A federal prisoner says three Bureau of Prisons correctional officers forced him to perform oral sex, held him in a choke hold, and threatened to kill him. He sued the United States under the Federal Tort Claims Act (FTCA), seeking damages for assault, battery, and negligence. The lower courts dismissed his intentional-tort claims based on a rule that limited the FTCA waiver to wrongs that occurred during searches, seizures, or arrests, and the Court agreed to review that rule because different appeals courts had reached different results.

Reasoning

The key question was whether the FTCA’s special rule for law enforcement officers applies only when officers are actually carrying out searches, seizing evidence, or making arrests, or whether it applies more broadly whenever a covered officer commits one of the listed intentional torts while acting within the scope of employment.
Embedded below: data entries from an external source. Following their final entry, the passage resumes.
(* ISS gives alpha(|phi s|) <= alpha(2 beta(|x|, s)) + alpha(2 gamma(|u|)) for every
   alpha in K, so it suffices to find alpha in K for which the integral of
   s |-> alpha(2 beta(r, s)) over R_+ is bounded by a K function of r.
   Choose times T_j after which 2 beta(j, .) <= 1/j, and make alpha so flat at 0 that
   alpha(1/j) (T_(j+1) - T_j) <= 2^-j.  Then for every integer c >= r the integral is
   at most alpha(2 beta(r, 0)) T_c + 2^(1-c).  Taking c about 1/(2 beta(r, 0)) when
   beta(r, 0) is small, and c about r otherwise, yields a bound dominated by a
   continuous increasing function of r vanishing at 0.  Such flat alpha are
   v |-> 1/H(1/v) for a piecewise-linear H exceeding a given sequence at the integers. *)

From Stdlib Require Import Reals Lra Lia ZArith ClassicalEpsilon.
From Coquelicot Require Import Coquelicot.
Open Scope R_scope.

Definition nat_floor (r : R) : nat := Z.to_nat (Int_part r).

Lemma nat_floor_spec r : 0 <= r -> INR (nat_floor r) <= r < INR (nat_floor r) + 1.
Proof.
  intros r_ge0. destruct (base_Int_part r) as [Hle Hlt].
  assert (Int_ge0 : (0 <= Int_part r)%Z).
  { assert (-1 < Int_part r)%Z; [|lia]. apply lt_IZR. simpl. lra. }
  unfold nat_floor. rewrite INR_IZR_INZ, Z2Nat.id by exact Int_ge0. lra.
Qed.

Lemma nat_floor_unique k r : INR k <= r < INR k + 1 -> nat_floor r = k.
Proof.
  intros [Hk Hk1]. pose proof (pos_INR k).
  destruct (nat_floor_spec r ltac:(lra)) as [Hf Hf1].
  destruct (Nat.lt_total (nat_floor r) k) as [Hlt|[Heq|Hlt]]; auto; exfalso.
  - apply (le_INR (S (nat_floor r))) in Hlt. rewrite S_INR in Hlt. lra.
  - apply (le_INR (S k)) in Hlt. rewrite S_INR in Hlt. lra.
Qed.

Lemma nat_floor_le x y : 0 <= x -> x <= y -> (nat_floor x <= nat_floor y)%nat.
Proof.
  intros Hx Hxy. destruct (le_lt_dec (nat_floor x) (nat_floor y)) as [|Hlt]; auto. exfalso.
  apply (le_INR (S (nat_floor y))) in Hlt. rewrite S_INR in Hlt.
  pose proof (nat_floor_spec x Hx). pose proof (nat_floor_spec y ltac:(lra)). lra.
Qed.

Section DominatingFunction.
Variable D : nat -> R.

Fixpoint dom_node (n : nat) : R :=
  match n with
  | O => 0
  | S i => dom_node i + 1 + Rmax 0 (D (S i) - dom_node i)
  end.

Definition dom_fun (r : R) : R :=
  let k := nat_floor r in dom_node k + (r - INR k) * (dom_node (S k) - dom_node k).

Lemma dom_node_step i : 1 <= dom_node (S i) - dom_node i.
Proof. simpl. pose proof (Rmax_l 0 (D (S i) - dom_node i)). lra. Qed.

Lemma dom_node_le i j : (i <= j)%nat -> dom_node i <= dom_node j.
Proof. induction 1; [lra|]. pose proof (dom_node_step m). lra. Qed.

Lemma dom_node_ge0 i : 0 <= dom_node i.
Proof. apply (dom_node_le 0 i). lia. Qed.

Lemma dom_node_ge i : D (S i) <= dom_node (S i).
Proof.
  simpl. pose proof (Rmax_r 0 (D (S i) - dom_node i)). pose proof (Rmax_l 0 (D (S i) - dom_node i)). lra.
Qed.

Lemma dom_fun_segment k r : INR k <= r <= INR k + 1 ->
  dom_fun r = dom_node k + (r - INR k) * (dom_node (S k) - dom_node k).
Proof.
  intros [Hk Hk1]. destruct (Rlt_or_le r (INR k + 1)) as [Hlt|Hge].
  - unfold dom_fun. rewrite (nat_floor_unique k r) by lra. reflexivity.
  - assert (r = INR (S k)) by (rewrite S_INR; lra). subst r.
    unfold dom_fun. rewrite (nat_floor_unique (S k) (INR (S k))) by lra. rewrite S_INR. ring.
Qed.

Lemma dom_fun_nat k : dom_fun (INR k) = dom_node k.
Proof. rewrite (dom_fun_segment k (INR k)) by lra. ring. Qed.

Lemma dom_fun_slope x y : 0 <= x -> x <= y ->
  y - x <= dom_fun y - dom_fun x <= (y - x) * dom_node (S (nat_floor y)).
Proof.
  intros Hx Hxy.
  assert (Hcross : forall n x, 0 <= x -> x <= y -> (nat_floor y <= nat_floor x + n)%nat ->
    y - x <= dom_fun y - dom_fun x <= (y - x) * dom_node (S (nat_floor y))).
  2: { apply (Hcross (nat_floor y)); auto. lia. }
  clear x Hx Hxy. induction n as [|n IH]; intros x Hx Hxy Hn.
  - pose proof (nat_floor_spec x Hx). pose proof (nat_floor_spec y ltac:(lra)).
    set (k := nat_floor x) in *.
    assert (Hyk : nat_floor y = k) by (pose proof (nat_floor_le x y Hx Hxy); lia).
    rewrite Hyk in *.
    rewrite (dom_fun_segment k x), (dom_fun_segment k y) by lra.
    pose proof (dom_node_step k). pose proof (dom_node_ge0 k).
    assert (0 <= y - x) by lra. nra.
  - destruct (le_lt_dec (nat_floor y) (nat_floor x + n)) as [Hle|Hlt]; [apply IH; auto|].
    pose proof (nat_floor_spec x Hx) as Fx. set (k := nat_floor x) in *.
    set (z := INR k + 1).
    assert (Hz : INR (S k) <= INR (nat_floor y)) by (apply le_INR; lia).
    rewrite S_INR in Hz. pose proof (nat_floor_spec y ltac:(lra)).
    assert (Hxz : dom_fun z - dom_fun x = (z - x) * (dom_node (S k) - dom_node k)).
    { rewrite (dom_fun_segment k x), (dom_fun_segment k z) by (unfold z; lra). ring. }
    assert (Hzy : y - z <= dom_fun y - dom_fun z <= (y - z) * dom_node (S (nat_floor y))).
    { apply IH. unfold z; pose proof (pos_INR k); lra. unfold z; lra.
      rewrite (nat_floor_unique (S k) z) by (rewrite S_INR; unfold z; lra). lia. }
    pose proof (dom_node_step k). pose proof (dom_node_ge0 k).
    assert (dom_node (S k) <= dom_node (S (nat_floor y))) by (apply dom_node_le; lia).
    unfold z in *. nra.
Qed.

Lemma dom_fun_continuous x : 0 < x -> continuity_pt dom_fun x.
Proof.
  intros Hx eps Heps.
  set (L := dom_node (S (nat_floor (x + 1)))).
  assert (HL : 1 <= L) by (pose proof (dom_node_step (nat_floor (x + 1))); pose proof (dom_node_ge0 (nat_floor (x + 1))); unfold L; lra).
  assert (HLy : forall y, 0 <= y <= x + 1 -> dom_node (S (nat_floor y)) <= L)
    by (intros y Hy; apply dom_node_le, le_n_S, nat_floor_le; lra).
  exists (Rmin x (Rmin 1 (eps / L))). split.
  { apply Rmin_pos; [lra|]. apply Rmin_pos; [lra|]. apply Rdiv_lt_0_compat; lra. }
  intros y [_ Hy]. simpl in Hy |- *. unfold Rdist in Hy |- *.
  pose proof (Rmin_l x (Rmin 1 (eps / L))). pose proof (Rmin_r x (Rmin 1 (eps / L))).
  pose proof (Rmin_l 1 (eps / L)). pose proof (Rmin_r 1 (eps / L)).
  assert (HeL : eps / L * L = eps) by (field; lra).
  destruct (Rle_or_lt x y) as [Hxy|Hyx].
  - rewrite Rabs_pos_eq in Hy by lra.
    pose proof (dom_fun_slope x y ltac:(lra) Hxy). pose proof (HLy y ltac:(lra)).
    rewrite Rabs_pos_eq by lra. nra.
  - rewrite Rabs_left in Hy by lra.
    pose proof (dom_fun_slope y x ltac:(lra) ltac:(lra)). pose proof (HLy x ltac:(lra)).
    rewrite Rabs_left by lra. nra.
Qed.
End DominatingFunction.

Lemma exists_dominating_function (D : nat -> R) : exists H : R -> R,
  (forall x, 0 < x -> continuity_pt H x) /\
  (forall x y, 0 <= x <= y -> y - x <= H y - H x) /\ H 0 = 0 /\
  (forall k, D (S k) <= H (INR (S k))).
Proof.
  exists (dom_fun D). split; [|split; [|split]].
  - apply dom_fun_continuous.
  - intros x y [Hx Hxy]. apply dom_fun_slope; auto.
  - apply (dom_fun_nat D 0).
  - intro k. rewrite dom_fun_nat. apply dom_node_ge.
Qed.

Section NormFacts.
Variable X : NormedSpace.
Implicit Types a b : X.

Lemma ns_scal0 a : ns_scal 0 a = ns_zero.
Proof.
  set (z := ns_scal 0 a).
  assert (Hzz : z = ns_add z z) by (unfold z; rewrite <- ns_scal_distr_r, Rplus_0_r; reflexivity).
  transitivity (ns_add (ns_add z z) (ns_opp z)).
  - rewrite <- ns_add_assoc, ns_add_opp, ns_add_zero. reflexivity.
  - rewrite <- Hzz. apply ns_add_opp.
Qed.

Lemma ns_norm0 : ns_norm (@ns_zero X) = 0.
Proof. rewrite <- (ns_scal0 ns_zero), ns_norm_scal, Rabs_R0. ring. Qed.

Lemma ns_opp_scal a : ns_opp a = ns_scal (-1) a.
Proof.
  assert (Hinv : ns_add a (ns_scal (-1) a) = ns_zero).
  { rewrite <- (ns_scal_one X a) at 1. rewrite <- ns_scal_distr_r.
    replace (1 + -1) with 0 by ring. apply ns_scal0. }
  rewrite <- (ns_add_zero X (ns_opp a)), <- Hinv, ns_add_assoc.
  rewrite (ns_add_comm X (ns_opp a) a), ns_add_opp, ns_add_comm, ns_add_zero. reflexivity.
Qed.

Lemma ns_norm_opp a : ns_norm (ns_opp a) = ns_norm a.
Proof. rewrite ns_opp_scal, ns_norm_scal, Rabs_left by lra. ring. Qed.

Lemma ns_norm_ge0 a : 0 <= ns_norm a.
Proof.
  pose proof (ns_norm_triangle X a (ns_opp a)) as Htri.
  rewrite ns_add_opp, ns_norm0, ns_norm_opp in Htri. lra.
Qed.

Lemma ns_sub_add a b : ns_add (ns_sub a b) b = a.
Proof.
  unfold ns_sub. rewrite <- ns_add_assoc, (ns_add_comm X (ns_opp b) b), ns_add_opp, ns_add_zero.
  reflexivity.
Qed.

Lemma ns_sub_swap a b : ns_sub b a = ns_opp (ns_sub a b).
Proof.
  unfold ns_sub. rewrite !ns_opp_scal, ns_scal_distr_l, ns_scal_assoc.
  replace (-1 * -1) with 1 by ring. rewrite ns_scal_one. apply ns_add_comm.
Qed.

Lemma ns_norm_sub_ge a b : Rabs (ns_norm a - ns_norm b) <= ns_norm (ns_sub a b).
Proof.
  pose proof (ns_norm_triangle X (ns_sub a b) b) as Ha. rewrite ns_sub_add in Ha.
  pose proof (ns_norm_triangle X (ns_sub b a) a) as Hb. rewrite ns_sub_add in Hb.
  rewrite ns_sub_swap, ns_norm_opp in Hb.
  unfold Rabs. destruct (Rcase_abs _); lra.
Qed.

Lemma cont_on_nonneg_norm (y : R -> X) :
  (forall t eps, 0 <= t -> eps > 0 -> exists delta, delta > 0 /\
     forall t', 0 <= t' -> Rabs (t' - t) < delta -> ns_norm (ns_sub (y t') (y t)) < eps) ->
  cont_on_nonneg (fun t => ns_norm (y t)).
Proof.
  intros Hy t eps Ht Heps. destruct (Hy t eps Ht Heps) as [delta [Hdelta Hclose]].
  exists delta. split; auto. intros t' Ht' Htt'.
  eapply Rle_lt_trans; [apply ns_norm_sub_ge|apply Hclose; auto].
Qed.
End NormFacts.

(* [cont_on_nonneg f] is continuity of [f] extended to [R] by [f 0] on the left of 0. *)
Lemma cont_on_nonneg_of_continuity_pt f :
  (forall x, 0 <= x -> continuity_pt (fun y => f (Rmax 0 y)) x) -> cont_on_nonneg f.
Proof.
  intros Hf x eps Hx Heps. destruct (Hf x Hx eps Heps) as [delta [Hdelta Hclose]].
  exists delta. split; [lra|]. intros y Hy Hyx.
  destruct (Req_dec y x) as [->|Hne]; [rewrite Rminus_diag, Rabs_R0; lra|].
  specialize (Hclose y). simpl in Hclose. unfold Rdist in Hclose.
  rewrite (Rmax_right 0 y Hy), (Rmax_right 0 x Hx) in Hclose.
  apply Hclose. repeat split; auto.
Qed.

Lemma continuity_pt_of_cont_on_nonneg f :
  cont_on_nonneg f -> forall x, 0 <= x -> continuity_pt (fun y => f (Rmax 0 y)) x.
Proof.
  intros Hf x Hx eps Heps. destruct (Hf x eps Hx Heps) as [delta [Hdelta Hclose]].
  exists delta. split; [lra|]. intros y [_ Hy]. simpl in Hy |- *. unfold Rdist in Hy |- *.
  rewrite (Rmax_right 0 x Hx). apply Hclose; [apply Rmax_l|].
  unfold Rmax. destruct (Rle_dec 0 y); auto.
  rewrite Rabs_left in Hy by lra. unfold Rabs; destruct (Rcase_abs _); lra.
Qed.

Lemma cont_on_nonneg_plus f g :
  cont_on_nonneg f -> cont_on_nonneg g -> cont_on_nonneg (fun y => f y + g y).
Proof.
  intros Hf Hg. apply cont_on_nonneg_of_continuity_pt. intros x Hx.
  apply (continuity_pt_plus (fun y => f (Rmax 0 y)) (fun y => g (Rmax 0 y)));
    apply continuity_pt_of_cont_on_nonneg; auto.
Qed.

Lemma cont_on_nonneg_mult f g :
  cont_on_nonneg f -> cont_on_nonneg g -> cont_on_nonneg (fun y => f y * g y).
Proof.
  intros Hf Hg. apply cont_on_nonneg_of_continuity_pt. intros x Hx.
  apply (continuity_pt_mult (fun y => f (Rmax 0 y)) (fun y => g (Rmax 0 y)));
    apply continuity_pt_of_cont_on_nonneg; auto.
Qed.

Lemma cont_on_nonneg_const c : cont_on_nonneg (fun _ => c).
Proof. intros x eps _ Heps. exists 1. split; [lra|]. intros. rewrite Rminus_diag, Rabs_R0. lra. Qed.

Lemma cont_on_nonneg_id : cont_on_nonneg (fun y => y).
Proof. intros x eps _ Heps. exists eps. split; [lra|]. auto. Qed.

Lemma cont_on_nonneg_comp g f : cont_on_nonneg g -> cont_on_nonneg f ->
  (forall y, 0 <= y -> 0 <= f y) -> cont_on_nonneg (fun y => g (f y)).
Proof.
  intros Hg Hf Hf0. apply cont_on_nonneg_of_continuity_pt. intros x Hx.
  apply (continuity_pt_ext (comp (fun z => g (Rmax 0 z)) (fun y => f (Rmax 0 y)))).
  { intro y. unfold comp. rewrite (Rmax_right 0 (f (Rmax 0 y))); auto. apply Hf0, Rmax_l. }
  apply continuity_pt_comp; apply continuity_pt_of_cont_on_nonneg; auto. apply Hf0, Rmax_l.
Qed.

Lemma cont_on_nonneg_comp_continuity_pt g f :
  (forall x, 0 <= x -> continuity_pt g (f x)) -> cont_on_nonneg f ->
  cont_on_nonneg (fun y => g (f y)).
Proof.
  intros Hg Hf. apply cont_on_nonneg_of_continuity_pt. intros x Hx.
  apply (continuity_pt_comp (fun y => f (Rmax 0 y)) g).
  - apply continuity_pt_of_cont_on_nonneg; auto.
  - rewrite (Rmax_right 0 x Hx). auto.
Qed.

Lemma cont_on_nonneg_ex_RInt f a b : cont_on_nonneg f -> 0 <= a <= b -> ex_RInt f a b.
Proof.
  intros Hf [Ha Hab]. apply (ex_RInt_ext (fun s => f (Rmax 0 s))).
  { intros z [Hz _]. rewrite Rmin_left in Hz by lra. rewrite Rmax_right by lra. reflexivity. }
  apply (@ex_RInt_continuous R_CompleteNormedModule). intros z [Hz _]. rewrite Rmin_left in Hz by lra.
  apply continuity_pt_filterlim, continuity_pt_of_cont_on_nonneg; auto; lra.
Qed.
The Court read the statute’s text and concluded that Congress tied the waiver to the officer’s status (an officer empowered to search, seize, or arrest) and to acting within the scope of employment, not to a specific activity. Because the statute does not add a separate requirement that the officer be performing a search or making an arrest, the Court reversed the lower courts and allowed the prisoner’s intentional-tort claims to proceed.

Real world impact

The ruling means that claims for assault and battery by federal law enforcement officers can proceed if the officer is covered by the statute and was acting within the scope of employment, even if the conduct did not happen during a search or arrest. The decision is a ruling on the FTCA waiver, not a final judgment on the underlying facts, and the case was sent back to the lower court for further proceedings.